Thu Nov 17 09:21:21 UTC 2011

On Thu, Nov 17, 2011 at 3:20 AM, 曹亚强 <caoyaqiang0410 at gmail.com> wrote:
> Dear mail-lists:
>        Hi, my first time of asking questions in mailing, please excuse me
> if there is any possible problems.
>        I'm new in Python and biopython, nearly without practically
> programming experience in Bioinformatics. Recently my work get involved in
> transcriptome and TopHat(http://tophat.cbcb.umd.edu/manual.html) , the
> software needs paired-end sequences in two fastq files. So I wonder can
> biopython finish the job in a conventient way? Because the paired-end file
> is too big and can't be done in a conventient way in *Galaxy*
>        Please give me some guide. Thanks.
>
> Best wishes,
> Yaqiang Cao

Probably, yes.

So you have one large FASTQ file containing both parts of
each pair (say part one and part two, or they might be
labelled as the forward and reverse reads), and you want
to split this into two FASTQ files?

How are your reads named?

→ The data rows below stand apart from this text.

Lemma exists_above_same_cut x : ~ a x -> exists v, lt x v /\ same_cut v x /\ ~ a v.
Proof.
  intro nAx. destruct le_dense as [X_dense [_ X_nomax]].
  destruct (classic (exists z, a z /\ le x z)) as [Habove|Hnone].
  - destruct (a_wo (fun z => a z /\ le x z) (fun z h => proj1 h) Habove) as [m [[Am Hxm] Mm]].
    assert (Hxm' : lt x m) by (split; [exact Hxm|intros ->; contradiction]).
    destruct (X_dense _ _ Hxm') as [v [Hxv Hvm]].
    exists v. split; [exact Hxv|split].
    + intros z Az. split; intro H.
      * exact (le_trans _ _ _ (proj1 Hxv) H).
      * exact (le_trans _ _ _ (proj1 Hvm) (Mm z (conj Az H))).
    + intro Av. exact (lt_not_le _ _ Hvm (Mm v (conj Av (proj1 Hxv)))).
  - destruct (X_nomax x) as [v Hxv]. exists v. split; [exact Hxv|split].
    + intros z Az. split; intro H; exfalso; apply Hnone; exists z; split; auto.
      exact (le_trans _ _ _ (proj1 Hxv) H).
    + intro Av. apply Hnone. exists v. split; [exact Av|exact (proj1 Hxv)].
Qed.

Lemma cut_class_dense x : inner x -> dense_no_endpoints_on (cut_class x).
Proof.
  intros Ix. destruct le_dense as [X_dense _]. split; [|split].
  - intros y1 y2 [_ S1] [_ S2] H12. destruct (X_dense _ _ H12) as [w [H1w Hw2]].
    assert (S12 : same_cut y1 y2) by exact (same_cut_trans _ _ _ (same_cut_sym _ _ S1) S2).
    assert (S1w : same_cut y1 w) by exact (same_cut_convex _ _ _ (proj1 H1w) (proj1 Hw2) S12).
    exists w. split; [split|split; assumption].
    + split; [|exists y1; split; assumption].
      apply (same_cut_lt_not_in w y2); [|exact Hw2].
      exact (same_cut_trans _ _ _ (same_cut_sym _ _ S1w) S12).
    + exact (same_cut_trans _ _ _ S1 S1w).
  - intros y [[nAy [u [Huy Suy]]] Sy]. destruct (X_dense _ _ Huy) as [w [Huw Hwy]].
    assert (Suw : same_cut u w) by exact (same_cut_convex _ _ _ (proj1 Huw) (proj1 Hwy) Suy).
    assert (Swy : same_cut w y) by exact (same_cut_trans _ _ _ (same_cut_sym _ _ Suw) Suy).
    exists w. split; [split|exact Hwy].
    + split; [exact (same_cut_lt_not_in w y Swy Hwy)|exists u; split; assumption].
    + exact (same_cut_trans _ _ _ Sy (same_cut_sym _ _ Swy)).
  - intros y [[nAy _] Sy]. destruct (exists_above_same_cut y nAy) as [v [Hyv [Svy nAv]]].
    exists v. split; [split|exact Hyv].
    + split; [exact nAv|exists y; split; [exact Hyv|exact (same_cut_sym _ _ Svy)]].
    + exact (same_cut_trans _ _ _ Sy (same_cut_sym _ _ Svy)).
Qed.

Lemma cut_class_eq x y : same_cut x y -> cut_class x = cut_class y.
Proof.
  intro Sxy. apply functional_extensionality. intro z. apply propositional_extensionality.
  split; intros [Iz S]; split; auto.
  - exact (same_cut_trans _ _ _ (same_cut_sym _ _ Sxy) S).
  - exact (same_cut_trans _ _ _ Sxy S).
Qed.

Lemma inner_le_boundary w y : inner w -> same_cut w y -> ~ inner y ->
  (le w y <-> a y) /\ (le y w <-> ~ a y).
Proof.
  intros Iw Swy nIy.
  assert (Hup : le w y <-> a y).
  { split; intro H.
    - apply NNPP. intro nAy. apply nIy. split; [exact nAy|exists w; split; [|exact Swy]].
      split; [exact H|intros <-; contradiction].
    - apply (Swy y H), le_refl. }
  split; [exact Hup|split].
  - intros Hyw Ay. apply nIy. rewrite (le_antisym _ _ Hyw (proj2 Hup Ay)). exact Iw.
  - intro nAy. destruct (le_total y w) as [|Hwy]; [assumption|].
    exfalso. exact (nAy (proj1 Hup Hwy)).
Qed.

Lemma not_inner_same_cut_eq x y : same_cut x y -> ~ inner x -> ~ inner y -> (a x <-> a y) ->
  x = y.
Proof.
  assert (Hno_lt : forall u v, same_cut u v -> ~ inner v -> (a u <-> a v) -> ~ lt u v).
  { intros u v Suv nIv Huv Hlt. destruct (classic (a v)) as [Av|nAv].
    - exact (lt_not_le _ _ Hlt (proj1 (Suv u (proj2 Huv Av)) (le_refl u))).
    - apply nIv. split; [exact nAv|exists u; split; assumption]. }
  intros Sxy nIx nIy Hxy. apply NNPP. intro Hne.
  destruct (lt_total _ _ Hne) as [Hlt|Hlt].
  - exact (Hno_lt x y Sxy nIy Hxy Hlt).
  - exact (Hno_lt y x (same_cut_sym _ _ Sxy) nIx (iff_sym Hxy) Hlt).
Qed.

(* A nonempty part [s] of [U] either reaches below some point of [a], and then its least point
   lies in the cut class of the least such point of [a], or lies entirely above [a], in one
   cut class. *)
Lemma wo_of_cut_pieces U : (forall r, wo (fun y => U y /\ same_cut r y)) -> wo U.
Proof.
  intros HU s Hs [s0 ss0].
  destruct (classic (exists z, a z /\ exists t, s t /\ le t z)) as [Hbelow|Habove].
  - destruct (a_wo _ (fun z h => proj1 h) Hbelow) as [m [[Am [t0 [st0 Ht0m]]] Mm]].
    destruct (HU m (fun t => s t /\ le t m)) as [mm [[smm Hmm] Mmm]].
    + intros t [st Htm]. split; [exact (Hs t st)|]. intros z Az. split; intro H.
      * exact (le_trans _ _ _ Htm H).
      * apply Mm. split; [exact Az|exists t; split; assumption].
    + exists t0. split; assumption.
    + exists mm. split; [exact smm|]. intros y sy. destruct (le_total y m) as [Hym|Hmy].
      * apply Mmm. split; assumption.
      * exact (le_trans _ _ _ Hmm Hmy).
  - destruct (HU s0 s) as [mm Hmm]; [|exists s0; exact ss0|exists mm; exact Hmm].
    intros t st. split; [exact (Hs t st)|].
    intros z Az. split; intro H; exfalso; apply Habove; exists z; split; try exact Az.
    + exists s0. split; assumption.
    + exists t. split; assumption.
Qed.

Lemma automorphism_of_cut_preserving f : (forall x, same_cut x (f x)) ->
  (forall x y, same_cut x y -> (le x y <-> le (f x) (f y))) -> (forall y, exists x, f x = y) ->
  order_automorphism le f.
Proof.
  intros Hcut Hin Hsurj.
  assert (Hle : forall x y, le x y <-> le (f x) (f y)).
  { intros x y. destruct (classic (same_cut x y)) as [Sxy|nS]; [exact (Hin x y Sxy)|].
    exact (le_across_cuts x y _ _ nS (Hcut x) (Hcut y)). }
  split; [|exact Hle].
  destruct (choice (fun y x => f x = y) Hsurj) as [h Hh].
  exists h. split; [|exact Hh].
  intro x. apply le_antisym; apply Hle; rewrite Hh; apply le_refl.
Qed.

Section Glue.
Variable b : nat -> X -> Prop.
Hypothesis b_wo : forall n, wo (b n).

Definition glued_shift (n : nat) (x : X) : X :=
  if excluded_middle_informative (inner x) then class_shift b (cut_class x) n x else x.

Lemma class_shift_cut_class x : inner x ->
  (forall n, automorphism_on (cut_class x) (class_shift b (cut_class x) n)) /\
  wo (shifted_union b (cut_class x) (class_shift b (cut_class x))).
Proof.
  intro Ix. apply class_shift_spec; [exact (cut_class_dense x Ix)| |exact b_wo].
  exists x. split; [exact Ix|apply same_cut_refl].
Qed.

Lemma glued_shift_inner n x : inner x -> glued_shift n x = class_shift b (cut_class x) n x.
Proof. intro Ix. unfold glued_shift. destruct (excluded_middle_informative (inner x)); tauto. Qed.

Lemma glued_shift_outer n x : ~ inner x -> glued_shift n x = x.
Proof. intro nIx. unfold glued_shift. destruct (excluded_middle_informative (inner x)); tauto. Qed.

Lemma glued_shift_cut_class n x : inner x -> cut_class x (glued_shift n x).
Proof.
  intro Ix. rewrite (glued_shift_inner n x Ix).
  apply (proj1 (class_shift_cut_class x Ix) n). split; [exact Ix|apply same_cut_refl].
Qed.

Lemma glued_shift_same_cut n x : same_cut x (glued_shift n x).
Proof.
  destruct (classic (inner x)) as [Ix|nIx]; [exact (proj2 (glued_shift_cut_class n x Ix))|].
  rewrite (glued_shift_outer n x nIx). apply same_cut_refl.
Qed.

Lemma glued_shift_le_same_cut n x y : same_cut x y ->
  (le x y <-> le (glued_shift n x) (glued_shift n y)).
Proof.
  intro Sxy. destruct (classic (inner x)) as [Ix|nIx], (classic (inner y)) as [Iy|nIy].
  - rewrite (glued_shift_inner n x Ix), (glued_shift_inner n y Iy), <- (cut_class_eq x y Sxy).
    apply (proj1 (class_shift_cut_class x Ix) n); split; auto using same_cut_refl.
  - destruct (glued_shift_cut_class n x Ix) as [Igx Sxgx].
    rewrite (glued_shift_outer n y nIy), (proj1 (inner_le_boundary x y Ix Sxy nIy)).
    symmetry. apply (inner_le_boundary _ y Igx); [|exact nIy].
    exact (same_cut_trans _ _ _ (same_cut_sym _ _ Sxgx) Sxy).
  - destruct (glued_shift_cut_class n y Iy) as [Igy Sygy].
    rewrite (glued_shift_outer n x nIx), (proj2 (inner_le_boundary y x Iy (same_cut_sym _ _ Sxy) nIx)).
    symmetry. apply (inner_le_boundary _ x Igy); [|exact nIx].
    exact (same_cut_trans _ _ _ (same_cut_sym _ _ Sygy) (same_cut_sym _ _ Sxy)).
  - rewrite (glued_shift_outer n x nIx), (glued_shift_outer n y nIy). reflexivity.
Qed.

The hard part is inferring this,
one common scheme used /1 and /2 suffixes, but Illumina
have changed this in their latest pipeline and the part is
now in the description instead.

Could you show us the first 6 reads (or so) from the big
FASTQ file?

Also are there any single reads in your file, either never
paired or orphaned where one of a pair failed Qc?

Peter